If the City shall be unable to satisfy the conditions to the obligations of the
Underwriter to purchase, to accept delivery of and to pay for the Series 1997 Bonds
contained in this Bond Purchase Contract and the Underwriter do not waive such inability
in writing, or if the obligations of the Underwriter to purchase, to accept delivery of and to
pay for the Series 1997 Bonds shall be terminated for any reason permitted by this Bond
Purchase Contract, this Bond Purchase Contract shall terminate, the good faith deposit
described in Section 2 hereof shall be returned to the Underwriter and neither the
Underwriter nor the City shall be under any further obligation hereunder, except that the
respective obligations of the City and the Underwriter set forth in Section 9 hereof shall
continue in full force and effect.
9. Expenses.
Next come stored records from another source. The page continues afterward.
Lemma geodesic_vertex_near_sides A B C W i : geodesic_word A B W -> i <= length W ->
  exists q, wdist (pv A W i) q <= delta /\ (between B q C \/ between C q A).
Proof.
  intros G Hi.
  destruct (exists_geodesic_word B C) as [W2 G2].
  destruct (exists_geodesic_word C A) as [W3 G3].
  destruct (hyp (PV Gr A) (PV Gr B) (PV Gr C) _ _ _ _ _ _ I I I
     (path_pt_geodesic A B W G) (path_pt_geodesic B C W2 G2) (path_pt_geodesic C A W3 G3))
    as [Hslim _].
  assert (Hs : (0 <= INR i <= INR (length W))%R) by (split; [apply pos_INR | now apply le_INR]).
  destruct (Hslim (INR i) Hs) as [[t [Ht Hd]]|[t [Ht Hd]]].
  - destruct (wdist_vertex_le_dist A W B W2 i t ltac:(apply G) ltac:(apply G2) Hi Ht)
      as [l [Hl Hl']].
    exists (pv B W2 l). split.
    + apply INR_le. lra.
    + left. exact (between_pvert_geodesic B C W2 l G2 Hl).
  - destruct (wdist_vertex_le_dist A W C W3 i t ltac:(apply G) ltac:(apply G3) Hi Ht)
      as [l [Hl Hl']].
    exists (pv C W3 l). split.
    + apply INR_le. lra.
    + right. exact (between_pvert_geodesic C A W3 l G3 Hl).
Qed.

Lemma wdist_geodesic_le_gromov_product w x z W : geodesic_word x z W ->
  exists i, i <= length W /\
    2 * wdist w (pv x W i) + wdist x z <= wdist w x + wdist w z + 4 * delta + 2.
Proof.
  (* Take the last vertex of the geodesic that is delta-close to a point between w
     and x; the next one is delta-close to a point between z and w. *)
  intros G.
  set (nearWX := fun i => exists a, wdist (pv x W i) a <= delta /\ between w a x).
  assert (H0 : nearWX 0).
  { exists x. rewrite pvert_0, wdist_refl. split; [lia|]. unfold between. rewrite wdist_refl. lia. }
  destruct (exists_boundary_index nearWX (length W) H0) as [i [[a [Ha Ba]] Hi]].
  assert (Hj : exists j b, i <= j <= S i /\ j <= length W /\
                 wdist (pv x W j) b <= delta /\ between z b w).
  { destruct Hi as [->|[Hlt Hnot]].
    - exists (length W), z. rewrite (pvert_geodesic_end x z W G), wdist_refl.
      repeat split; try lia. unfold between. rewrite wdist_refl. lia.
    - destruct (geodesic_vertex_near_sides x z w W (S i) G Hlt) as [b [Hb [Bb|Bb]]].
      + exists (S i), b. repeat split; auto; lia.
      + exfalso. apply Hnot. now exists b. }
  destruct Hj as [j [b [Hij [Hj [Hb Bb]]]]].
  assert (Hi' : i <= length W) by lia.
  exists i. split; [exact Hi'|].
  assert (Bi := between_pvert_geodesic x z W i G Hi').
  assert (Dij := wdist_pvert_le x W i j ltac:(apply G) (proj1 Hij)).
  unfold between in *.
  assert (T1 := wdist_triangle x a (pv x W i)).
  assert (T2 := wdist_triangle (pv x W i) (pv x W j) z).
  assert (T3 := wdist_triangle (pv x W j) b z).
  assert (T4 := wdist_triangle w a (pv x W i)).
  assert (T5 := wdist_triangle w b (pv x W j)).
  assert (T6 := wdist_triangle w (pv x W j) (pv x W i)).
  rewrite (wdist_sym a (pv x W i)), (wdist_sym a x), (wdist_sym z b), (wdist_sym b w),
    (wdist_sym z w), (wdist_sym (pv x W j) (pv x W i)), (wdist_sym b (pv x W j)) in *.
  lia.
Qed.

(* (x|y)_w <= (x|z)_w + 3 delta + 1 or (y|z)_w <= (x|z)_w + 3 delta + 1, for the
   Gromov product (x|y)_w, doubled and with the subtractions moved across. *)
Lemma four_point_condition w x y z :
  wdist w x + wdist w y + wdist x z <= wdist x y + wdist w x + wdist w z + (6 * delta + 2) \/
  wdist w y + wdist w z + wdist x z <= wdist y z + wdist w x + wdist w z + (6 * delta + 2).
Proof.
  destruct (exists_geodesic_word x z) as [W G].
  destruct (wdist_geodesic_le_gromov_product w x z W G) as [i [Hi Hp]].
  destruct (geodesic_vertex_near_sides x z y W i G Hi) as [q [Hq [Bq|Bq]]];
    unfold between in Bq; set (p := pv x W i) in *;
    assert (T0 := wdist_triangle w p q); assert (T1 := wdist_triangle w q x);
    assert (T2 := wdist_triangle w q y); assert (T3 := wdist_triangle w q z);
    rewrite (wdist_sym q x), (wdist_sym q y), (wdist_sym q z), (wdist_sym p q),
      (wdist_sym x y), (wdist_sym y z) in *.
  - right. lia.
  - left. lia.
Qed.

Definition local_geodesic (x : nat -> Gr) (N r : nat) : Prop :=
  forall a b, a <= b -> b <= N -> b - a <= r -> wdist (x a) (x b) = b - a.

Section LocalGeodesics.
Hypothesis delta_pos : 0 < delta.
Variable x : nat -> Gr.
Variable N : nat.
Hypothesis loc : local_geodesic x N (32 * delta).
Local Notation dist_from_start r := (wdist (x 0) (x (r * (16 * delta)))).

Lemma local_geodesic_step r : S (S r) * (16 * delta) <= N ->
  dist_from_start r + 16 * delta <= dist_from_start (S r) + (6 * delta + 2) ->
  dist_from_start (S r) + 16 * delta <= dist_from_start (S (S r)) + (6 * delta + 2).
Proof.
  intros HN IH. set (m := 16 * delta) in *.
  assert (E1 : wdist (x (r * m)) (x (S r * m)) = m) by (rewrite loc; simpl; lia).
  assert (E2 : wdist (x (S r * m)) (x (S (S r) * m)) = m) by (rewrite loc; simpl; lia).
  assert (E3 : wdist (x (r * m)) (x (S (S r) * m)) = 2 * m) by (rewrite loc; simpl; lia).
  (* The first alternative, together with IH, would give 16 delta <= 6 delta + 2. *)
  destruct (four_point_condition (x (S r * m)) (x (r * m)) (x 0) (x (S (S r) * m))) as [H|H];
    rewrite (wdist_sym (x (S r * m)) (x (r * m))), (wdist_sym (x (S r * m)) (x 0)),
      E1, E2, E3 in H; rewrite ?(wdist_sym (x (r * m)) (x 0)) in H; lia.
Qed.

Lemma local_geodesic_progress r : S r * (16 * delta) <= N ->
  dist_from_start r + 16 * delta <= dist_from_start (S r) + (6 * delta + 2).
Proof.
  induction r as [|r IH]; intros HN.
  - simpl. rewrite Nat.add_0_r, wdist_refl, loc; lia.
  - apply local_geodesic_step; [exact HN|]. apply IH. simpl in *. lia.
Qed.

Lemma local_geodesic_growth r : r * (16 * delta) <= N ->
  r * (10 * delta - 2) <= dist_from_start r.
Proof.
  induction r as [|r IH]; intros HN; [simpl; lia|].
  assert (Hstep := local_geodesic_progress r HN).
  assert (IH' := IH ltac:(simpl in HN; lia)).
  rewrite Nat.mul_succ_l. lia.
Qed.

Lemma local_geodesic_length_le : N <= 2 * wdist (x 0) (x N) + 48 * delta.
Proof.
  set (m := 16 * delta). assert (Hm : 0 < m) by lia.
  set (r := N / m). set (rem := N mod m).
  assert (Ediv : N = r * m + rem) by (rewrite Nat.mul_comm; apply Nat.div_mod; lia).
  assert (Hrem : rem < m) by (apply Nat.mod_upper_bound; lia).
  assert (Hgrow := local_geodesic_growth r ltac:(lia)).
  assert (Htail : wdist (x (r * m)) (x N) = rem) by (rewrite loc; lia).
  assert (T := wdist_triangle (x 0) (x N) (x (r * m))).
  rewrite (wdist_sym (x N)), Htail in T.
  assert (r * m <= r * (2 * (10 * delta - 2))) by (apply Nat.mul_le_mono_l; lia).
  fold m in Hgrow. lia.
Qed.

End LocalGeodesics.
End SlimTriangles.
End WordMetric.

Section PowersOfCyclicallyMinimalWords.
Variable Gr : group.
Variable X : list Gr.
Variable delta : nat.
Hypothesis gen : generates Gr X.
Hypothesis delta_pos : 0 < delta.
Hypothesis hyp : hyperbolic Gr X (INR delta).
Variable V : list letter.
Hypothesis HV : is_word Gr X V.
Hypothesis CM : cyclically_minimal Gr X V.
Hypothesis long : 180 * delta <= length V.
Local Notation pv := (pvert Gr X).
Local Notation wdist := (wdist Gr X).

Lemma wpown_vertex_gap_le n g i j : i <= j -> j <= length (wpown V n) ->
  j - i <= 2 * wdist (pv g (wpown V n) i) (pv g (wpown V n) j) + 48 * delta.
Proof.
  intros Hij Hj. rewrite length_wpown in Hj.
  assert (Hloc : local_geodesic Gr X (fun a => pv g (wpown V n) (i + a)) (j - i) (32 * delta)).
  { intros a b Hab Hb Hba.
    replace (b - a) with ((i + b) - (i + a)) by lia.
    apply wdist_pvert_wpown; auto; lia. }
  assert (H := local_geodesic_length_le Gr X gen delta hyp delta_pos _ _ Hloc).
  cbv beta in H. now rewrite Nat.add_0_r, (Nat.add_comm i), Nat.sub_add in H.
Qed.

Lemma wpown_vertex_gap_le_Rabs n g i j : i <= length (wpown V n) -> j <= length (wpown V n) ->
  (Rabs (INR i - INR j) <=
     2 * INR (wdist (pv g (wpown V n) i) (pv g (wpown V n) j)) + 48 * INR delta)%R.
Proof.
  intros Hi Hj.
  assert (Hnat : forall a b, a <= b -> b <= length (wpown V n) ->
            (INR b - INR a <= 2 * INR (wdist (pv g (wpown V n) a) (pv g (wpown V n) b))
                              + 48 * INR delta)%R).
  { intros a b Hab Hb. rewrite <- minus_INR by exact Hab.
    replace 2%R with (INR 2) by reflexivity. replace 48%R with (INR 48) by (simpl; ring).
    rewrite <- !mult_INR, <- plus_INR. apply le_INR, wpown_vertex_gap_le; assumption. }
  destruct (Nat.le_ge_cases i j) as [Hij|Hji].
  - rewrite Rabs_minus_sym, Rabs_right by (apply Rge_minus, Rle_ge, le_INR, Hij).
    now apply Hnat.
  - rewrite Rabs_right by (apply Rge_minus, Rle_ge, le_INR, Hji).
    rewrite wdist_sym by exact gen. now apply Hnat.
Qed.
The Underwriter shall be under no obligation to pay, and the City
shall pay, any expense incident to the performance of the City's obligations hereunder
including, but not limited to: (a) the cost of preparation, printing and delivery of the
Resolution; (b) the cost of preparation and printing of the Series 1997 Bonds; (c) the fees and
disbursements of Bond Counsel; (d) the fees and disbursements of the City's certified public
accountants; (e) the fees and disbursements of any experts, consultants or advisors retained
by the City; (f) fees for bond ratings; (g) the fees and expenses of the Registrar, the Paying
Agent, the Engineering Consultants and of their respective counsel; and (h) the costs of
preparing, printing and delivering the Preliminary Official Statement and the Official
Statement and any supplements or amendments thereto.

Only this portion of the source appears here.